=== Begin Enclosure ===

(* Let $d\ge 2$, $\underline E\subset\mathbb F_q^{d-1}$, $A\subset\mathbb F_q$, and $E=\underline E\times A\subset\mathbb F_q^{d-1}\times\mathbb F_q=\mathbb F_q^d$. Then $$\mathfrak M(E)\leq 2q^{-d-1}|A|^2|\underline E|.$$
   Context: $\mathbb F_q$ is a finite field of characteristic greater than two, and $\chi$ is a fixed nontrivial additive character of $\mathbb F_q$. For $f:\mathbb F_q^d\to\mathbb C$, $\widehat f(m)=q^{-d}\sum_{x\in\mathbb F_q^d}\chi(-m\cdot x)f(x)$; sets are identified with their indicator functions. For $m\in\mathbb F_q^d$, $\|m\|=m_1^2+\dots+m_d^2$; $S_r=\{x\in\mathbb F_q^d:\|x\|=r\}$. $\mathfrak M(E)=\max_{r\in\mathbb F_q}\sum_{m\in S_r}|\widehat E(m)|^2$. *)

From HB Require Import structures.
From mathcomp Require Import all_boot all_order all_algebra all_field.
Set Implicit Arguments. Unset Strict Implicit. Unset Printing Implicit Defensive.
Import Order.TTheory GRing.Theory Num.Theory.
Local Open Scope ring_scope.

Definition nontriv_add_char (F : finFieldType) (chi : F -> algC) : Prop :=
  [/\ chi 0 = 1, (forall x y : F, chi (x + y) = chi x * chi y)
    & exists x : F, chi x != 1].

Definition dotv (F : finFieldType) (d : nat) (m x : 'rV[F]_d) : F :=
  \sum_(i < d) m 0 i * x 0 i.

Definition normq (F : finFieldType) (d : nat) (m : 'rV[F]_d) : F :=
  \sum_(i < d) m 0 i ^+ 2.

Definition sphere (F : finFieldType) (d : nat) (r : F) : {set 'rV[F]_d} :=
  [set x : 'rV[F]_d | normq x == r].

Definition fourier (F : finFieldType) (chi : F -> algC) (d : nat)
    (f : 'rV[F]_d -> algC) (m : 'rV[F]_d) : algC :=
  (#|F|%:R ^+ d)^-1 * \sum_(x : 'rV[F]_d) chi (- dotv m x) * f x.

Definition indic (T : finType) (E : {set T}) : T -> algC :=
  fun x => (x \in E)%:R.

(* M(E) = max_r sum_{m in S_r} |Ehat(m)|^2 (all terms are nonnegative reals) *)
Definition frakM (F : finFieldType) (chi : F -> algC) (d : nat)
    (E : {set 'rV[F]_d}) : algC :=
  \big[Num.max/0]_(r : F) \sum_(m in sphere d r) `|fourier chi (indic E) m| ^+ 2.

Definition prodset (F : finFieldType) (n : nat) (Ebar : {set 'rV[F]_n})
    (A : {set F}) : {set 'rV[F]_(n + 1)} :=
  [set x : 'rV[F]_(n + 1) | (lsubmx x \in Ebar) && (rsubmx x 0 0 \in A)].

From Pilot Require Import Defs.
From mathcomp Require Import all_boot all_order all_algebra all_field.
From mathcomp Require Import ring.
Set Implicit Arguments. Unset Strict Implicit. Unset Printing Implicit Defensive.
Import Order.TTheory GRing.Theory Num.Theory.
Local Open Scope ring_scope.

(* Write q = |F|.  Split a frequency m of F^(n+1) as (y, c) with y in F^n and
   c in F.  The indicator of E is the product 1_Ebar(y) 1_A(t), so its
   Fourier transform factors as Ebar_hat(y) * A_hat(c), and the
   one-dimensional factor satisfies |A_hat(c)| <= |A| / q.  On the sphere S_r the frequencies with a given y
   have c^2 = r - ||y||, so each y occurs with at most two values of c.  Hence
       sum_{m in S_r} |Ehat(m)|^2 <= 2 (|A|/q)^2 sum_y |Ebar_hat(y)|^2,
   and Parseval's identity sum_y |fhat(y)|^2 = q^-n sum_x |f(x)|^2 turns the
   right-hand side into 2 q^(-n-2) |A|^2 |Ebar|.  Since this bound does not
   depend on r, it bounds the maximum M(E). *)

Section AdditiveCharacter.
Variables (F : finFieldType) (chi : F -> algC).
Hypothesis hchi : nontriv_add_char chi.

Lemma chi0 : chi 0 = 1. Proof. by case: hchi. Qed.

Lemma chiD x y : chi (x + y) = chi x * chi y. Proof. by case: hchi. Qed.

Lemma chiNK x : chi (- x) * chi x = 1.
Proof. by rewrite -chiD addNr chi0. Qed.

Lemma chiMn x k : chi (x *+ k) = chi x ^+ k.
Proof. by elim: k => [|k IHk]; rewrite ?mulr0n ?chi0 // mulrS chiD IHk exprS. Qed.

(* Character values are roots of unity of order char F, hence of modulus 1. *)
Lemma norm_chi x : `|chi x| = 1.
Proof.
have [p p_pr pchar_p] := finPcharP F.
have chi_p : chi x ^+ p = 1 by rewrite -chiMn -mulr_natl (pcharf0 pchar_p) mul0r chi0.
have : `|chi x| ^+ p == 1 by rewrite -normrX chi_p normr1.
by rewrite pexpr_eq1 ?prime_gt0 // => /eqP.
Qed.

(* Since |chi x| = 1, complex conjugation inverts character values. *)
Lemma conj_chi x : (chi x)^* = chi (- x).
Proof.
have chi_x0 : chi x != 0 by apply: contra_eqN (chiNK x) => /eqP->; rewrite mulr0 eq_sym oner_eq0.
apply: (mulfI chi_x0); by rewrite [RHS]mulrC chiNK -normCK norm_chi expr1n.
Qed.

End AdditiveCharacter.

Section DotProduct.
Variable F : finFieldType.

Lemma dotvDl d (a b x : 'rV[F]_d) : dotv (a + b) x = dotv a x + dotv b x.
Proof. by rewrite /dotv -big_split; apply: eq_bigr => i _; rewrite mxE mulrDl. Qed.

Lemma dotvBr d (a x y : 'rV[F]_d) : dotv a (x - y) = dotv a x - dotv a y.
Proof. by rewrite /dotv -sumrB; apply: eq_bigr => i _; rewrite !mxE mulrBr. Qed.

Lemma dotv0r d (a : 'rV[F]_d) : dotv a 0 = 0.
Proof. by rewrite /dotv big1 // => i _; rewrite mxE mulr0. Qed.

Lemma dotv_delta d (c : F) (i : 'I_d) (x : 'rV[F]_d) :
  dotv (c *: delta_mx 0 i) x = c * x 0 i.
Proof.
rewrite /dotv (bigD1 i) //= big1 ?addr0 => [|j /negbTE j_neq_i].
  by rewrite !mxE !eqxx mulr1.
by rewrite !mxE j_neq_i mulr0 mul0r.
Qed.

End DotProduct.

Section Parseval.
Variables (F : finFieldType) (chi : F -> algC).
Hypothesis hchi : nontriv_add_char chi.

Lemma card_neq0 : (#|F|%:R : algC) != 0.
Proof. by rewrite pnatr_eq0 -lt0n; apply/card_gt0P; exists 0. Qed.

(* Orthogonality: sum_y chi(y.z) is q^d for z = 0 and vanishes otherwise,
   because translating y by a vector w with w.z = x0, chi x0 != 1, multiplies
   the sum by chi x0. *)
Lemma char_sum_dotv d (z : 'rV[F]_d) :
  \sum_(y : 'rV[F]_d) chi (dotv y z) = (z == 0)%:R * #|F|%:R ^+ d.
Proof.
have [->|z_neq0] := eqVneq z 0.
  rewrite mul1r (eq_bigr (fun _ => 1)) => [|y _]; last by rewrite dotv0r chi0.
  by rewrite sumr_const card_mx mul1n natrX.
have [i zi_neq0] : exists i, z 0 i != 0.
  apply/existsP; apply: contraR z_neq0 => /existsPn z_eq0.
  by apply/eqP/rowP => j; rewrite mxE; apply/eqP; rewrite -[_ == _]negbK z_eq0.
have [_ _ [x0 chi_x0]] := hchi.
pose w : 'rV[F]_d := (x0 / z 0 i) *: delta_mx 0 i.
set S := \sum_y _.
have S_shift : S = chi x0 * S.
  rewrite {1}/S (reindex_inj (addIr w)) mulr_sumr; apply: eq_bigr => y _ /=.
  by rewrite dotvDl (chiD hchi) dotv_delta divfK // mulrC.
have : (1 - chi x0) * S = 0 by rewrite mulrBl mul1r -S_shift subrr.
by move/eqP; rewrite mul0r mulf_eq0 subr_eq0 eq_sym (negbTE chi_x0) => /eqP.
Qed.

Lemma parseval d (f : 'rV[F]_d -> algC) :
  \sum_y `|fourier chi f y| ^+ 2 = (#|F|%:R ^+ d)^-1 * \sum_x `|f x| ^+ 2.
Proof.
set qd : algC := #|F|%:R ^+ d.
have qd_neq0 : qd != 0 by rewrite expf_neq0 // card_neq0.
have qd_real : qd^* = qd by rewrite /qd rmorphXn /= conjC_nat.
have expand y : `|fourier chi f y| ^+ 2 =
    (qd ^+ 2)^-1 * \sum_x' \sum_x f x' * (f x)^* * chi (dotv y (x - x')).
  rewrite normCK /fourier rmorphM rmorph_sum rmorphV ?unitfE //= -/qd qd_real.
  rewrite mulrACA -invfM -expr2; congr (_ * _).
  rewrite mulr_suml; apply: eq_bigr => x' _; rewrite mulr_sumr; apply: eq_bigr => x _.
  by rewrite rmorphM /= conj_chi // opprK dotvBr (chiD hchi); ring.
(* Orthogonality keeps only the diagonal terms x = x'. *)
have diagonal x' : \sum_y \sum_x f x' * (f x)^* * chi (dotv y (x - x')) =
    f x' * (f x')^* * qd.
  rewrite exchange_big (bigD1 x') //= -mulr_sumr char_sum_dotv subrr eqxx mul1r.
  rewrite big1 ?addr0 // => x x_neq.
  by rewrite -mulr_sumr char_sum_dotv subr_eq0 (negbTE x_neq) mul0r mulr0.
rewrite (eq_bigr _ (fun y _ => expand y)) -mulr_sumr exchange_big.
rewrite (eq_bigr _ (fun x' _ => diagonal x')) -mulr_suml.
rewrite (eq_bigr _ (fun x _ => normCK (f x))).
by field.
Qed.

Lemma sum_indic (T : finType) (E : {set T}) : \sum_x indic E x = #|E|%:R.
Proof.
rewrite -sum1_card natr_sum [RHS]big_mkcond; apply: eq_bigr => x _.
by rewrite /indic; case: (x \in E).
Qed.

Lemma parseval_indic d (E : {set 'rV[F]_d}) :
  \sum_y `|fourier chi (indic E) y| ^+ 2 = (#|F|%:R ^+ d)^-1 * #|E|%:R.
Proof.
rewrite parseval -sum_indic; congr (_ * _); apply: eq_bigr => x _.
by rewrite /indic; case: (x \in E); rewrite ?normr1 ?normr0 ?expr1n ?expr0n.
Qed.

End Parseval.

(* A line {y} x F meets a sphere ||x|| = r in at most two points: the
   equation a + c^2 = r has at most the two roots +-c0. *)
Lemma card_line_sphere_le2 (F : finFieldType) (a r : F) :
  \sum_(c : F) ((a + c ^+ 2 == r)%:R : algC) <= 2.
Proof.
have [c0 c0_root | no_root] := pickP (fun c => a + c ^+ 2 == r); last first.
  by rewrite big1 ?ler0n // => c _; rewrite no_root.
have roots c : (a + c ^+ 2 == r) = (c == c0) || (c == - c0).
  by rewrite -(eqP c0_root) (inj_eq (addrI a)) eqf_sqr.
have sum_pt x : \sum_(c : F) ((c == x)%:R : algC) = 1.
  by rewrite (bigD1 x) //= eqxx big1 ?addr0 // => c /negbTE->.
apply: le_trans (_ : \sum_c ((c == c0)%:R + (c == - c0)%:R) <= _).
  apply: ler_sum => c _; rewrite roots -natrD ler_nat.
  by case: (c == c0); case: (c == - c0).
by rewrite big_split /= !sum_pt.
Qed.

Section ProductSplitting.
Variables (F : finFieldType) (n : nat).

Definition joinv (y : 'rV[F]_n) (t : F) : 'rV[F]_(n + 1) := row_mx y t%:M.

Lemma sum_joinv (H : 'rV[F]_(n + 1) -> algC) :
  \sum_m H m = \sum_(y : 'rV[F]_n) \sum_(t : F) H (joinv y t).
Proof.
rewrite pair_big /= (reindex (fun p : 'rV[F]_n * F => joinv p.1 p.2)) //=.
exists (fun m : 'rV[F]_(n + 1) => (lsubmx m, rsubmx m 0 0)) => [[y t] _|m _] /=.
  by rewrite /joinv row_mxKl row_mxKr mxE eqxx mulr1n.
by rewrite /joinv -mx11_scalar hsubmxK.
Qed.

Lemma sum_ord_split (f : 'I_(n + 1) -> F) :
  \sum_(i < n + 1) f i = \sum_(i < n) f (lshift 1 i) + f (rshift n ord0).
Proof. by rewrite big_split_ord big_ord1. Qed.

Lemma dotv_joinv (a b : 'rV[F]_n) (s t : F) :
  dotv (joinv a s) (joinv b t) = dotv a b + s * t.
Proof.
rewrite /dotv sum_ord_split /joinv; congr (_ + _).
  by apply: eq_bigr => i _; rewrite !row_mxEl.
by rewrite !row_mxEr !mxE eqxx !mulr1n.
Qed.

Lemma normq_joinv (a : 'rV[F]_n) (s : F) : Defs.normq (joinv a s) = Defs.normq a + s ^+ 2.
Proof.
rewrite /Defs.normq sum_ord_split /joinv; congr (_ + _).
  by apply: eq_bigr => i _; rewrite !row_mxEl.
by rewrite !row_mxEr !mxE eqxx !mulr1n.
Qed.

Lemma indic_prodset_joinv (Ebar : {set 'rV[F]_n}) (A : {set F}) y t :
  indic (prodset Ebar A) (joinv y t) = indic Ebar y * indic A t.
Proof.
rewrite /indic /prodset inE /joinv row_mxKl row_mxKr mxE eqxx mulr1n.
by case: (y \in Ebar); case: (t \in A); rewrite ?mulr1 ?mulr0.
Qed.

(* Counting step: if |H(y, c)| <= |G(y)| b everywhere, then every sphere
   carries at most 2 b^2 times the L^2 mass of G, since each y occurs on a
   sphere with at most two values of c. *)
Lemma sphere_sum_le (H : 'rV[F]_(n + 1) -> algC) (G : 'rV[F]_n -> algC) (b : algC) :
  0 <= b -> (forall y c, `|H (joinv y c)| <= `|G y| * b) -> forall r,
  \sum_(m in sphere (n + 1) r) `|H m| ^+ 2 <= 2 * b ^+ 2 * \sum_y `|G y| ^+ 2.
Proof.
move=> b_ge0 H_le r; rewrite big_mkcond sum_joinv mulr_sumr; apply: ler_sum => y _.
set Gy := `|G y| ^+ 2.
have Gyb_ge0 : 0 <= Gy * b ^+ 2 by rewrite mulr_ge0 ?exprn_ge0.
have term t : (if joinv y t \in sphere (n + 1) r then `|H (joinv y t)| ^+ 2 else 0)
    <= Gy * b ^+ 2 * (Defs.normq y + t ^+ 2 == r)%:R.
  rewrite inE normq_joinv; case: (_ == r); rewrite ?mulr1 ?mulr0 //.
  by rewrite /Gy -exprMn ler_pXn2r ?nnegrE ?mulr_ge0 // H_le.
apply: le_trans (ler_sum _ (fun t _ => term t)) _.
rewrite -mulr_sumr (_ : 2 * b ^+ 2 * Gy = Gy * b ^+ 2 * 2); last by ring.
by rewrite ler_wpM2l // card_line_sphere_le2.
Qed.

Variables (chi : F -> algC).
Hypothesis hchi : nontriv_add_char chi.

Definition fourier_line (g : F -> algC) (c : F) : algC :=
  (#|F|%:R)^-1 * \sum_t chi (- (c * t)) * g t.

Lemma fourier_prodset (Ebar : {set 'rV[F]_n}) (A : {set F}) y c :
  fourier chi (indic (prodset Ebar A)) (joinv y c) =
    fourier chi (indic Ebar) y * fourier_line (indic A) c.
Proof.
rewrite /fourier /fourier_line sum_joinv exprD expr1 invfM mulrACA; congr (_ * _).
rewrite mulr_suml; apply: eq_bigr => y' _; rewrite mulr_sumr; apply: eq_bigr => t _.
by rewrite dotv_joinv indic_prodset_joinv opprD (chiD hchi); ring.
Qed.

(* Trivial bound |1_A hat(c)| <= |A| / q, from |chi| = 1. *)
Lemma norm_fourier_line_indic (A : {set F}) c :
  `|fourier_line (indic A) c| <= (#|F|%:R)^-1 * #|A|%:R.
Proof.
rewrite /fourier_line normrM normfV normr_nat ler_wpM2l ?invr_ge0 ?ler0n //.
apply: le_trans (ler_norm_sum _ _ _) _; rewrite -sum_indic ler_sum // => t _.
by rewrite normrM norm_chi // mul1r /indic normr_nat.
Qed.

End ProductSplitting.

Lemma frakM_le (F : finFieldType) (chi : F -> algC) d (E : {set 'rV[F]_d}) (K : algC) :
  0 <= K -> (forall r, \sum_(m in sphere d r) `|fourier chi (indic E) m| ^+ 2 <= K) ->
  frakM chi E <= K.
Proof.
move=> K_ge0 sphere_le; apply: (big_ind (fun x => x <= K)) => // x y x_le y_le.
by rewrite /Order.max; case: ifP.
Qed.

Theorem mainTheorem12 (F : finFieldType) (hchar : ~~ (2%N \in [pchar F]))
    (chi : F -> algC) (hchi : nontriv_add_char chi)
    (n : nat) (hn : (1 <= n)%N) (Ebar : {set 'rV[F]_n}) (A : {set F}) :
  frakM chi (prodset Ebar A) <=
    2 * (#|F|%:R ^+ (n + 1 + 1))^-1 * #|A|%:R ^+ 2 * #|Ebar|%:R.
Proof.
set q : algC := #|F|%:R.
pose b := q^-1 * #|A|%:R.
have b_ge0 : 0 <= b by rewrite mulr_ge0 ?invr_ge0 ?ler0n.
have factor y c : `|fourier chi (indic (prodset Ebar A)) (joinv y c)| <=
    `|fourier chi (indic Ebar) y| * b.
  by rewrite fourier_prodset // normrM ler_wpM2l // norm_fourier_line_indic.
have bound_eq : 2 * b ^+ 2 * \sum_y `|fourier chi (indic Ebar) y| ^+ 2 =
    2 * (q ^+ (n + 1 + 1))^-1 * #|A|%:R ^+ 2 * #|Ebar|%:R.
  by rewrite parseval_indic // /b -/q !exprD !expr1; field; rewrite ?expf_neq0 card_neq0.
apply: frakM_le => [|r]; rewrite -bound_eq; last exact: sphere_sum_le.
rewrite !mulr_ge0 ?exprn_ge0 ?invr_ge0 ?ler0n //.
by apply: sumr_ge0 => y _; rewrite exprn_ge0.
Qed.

=== End Enclosure ===

Taking the entries above, restate exactly those lines that fall between the line with "two points: the" and the line with "by case: (c == c0); case: (c == - c0).", keeping both of those lines too.

(* A line {y} x F meets a sphere ||x|| = r in at most two points: the
   equation a + c^2 = r has at most the two roots +-c0. *)
Lemma card_line_sphere_le2 (F : finFieldType) (a r : F) :
  \sum_(c : F) ((a + c ^+ 2 == r)%:R : algC) <= 2.
Proof.
have [c0 c0_root | no_root] := pickP (fun c => a + c ^+ 2 == r); last first.
  by rewrite big1 ?ler0n // => c _; rewrite no_root.
have roots c : (a + c ^+ 2 == r) = (c == c0) || (c == - c0).
  by rewrite -(eqP c0_root) (inj_eq (addrI a)) eqf_sqr.
have sum_pt x : \sum_(c : F) ((c == x)%:R : algC) = 1.
  by rewrite (bigD1 x) //= eqxx big1 ?addr0 // => c /negbTE->.
apply: le_trans (_ : \sum_c ((c == c0)%:R + (c == - c0)%:R) <= _).
  apply: ler_sum => c _; rewrite roots -natrD ler_nat.
  by case: (c == c0); case: (c == - c0).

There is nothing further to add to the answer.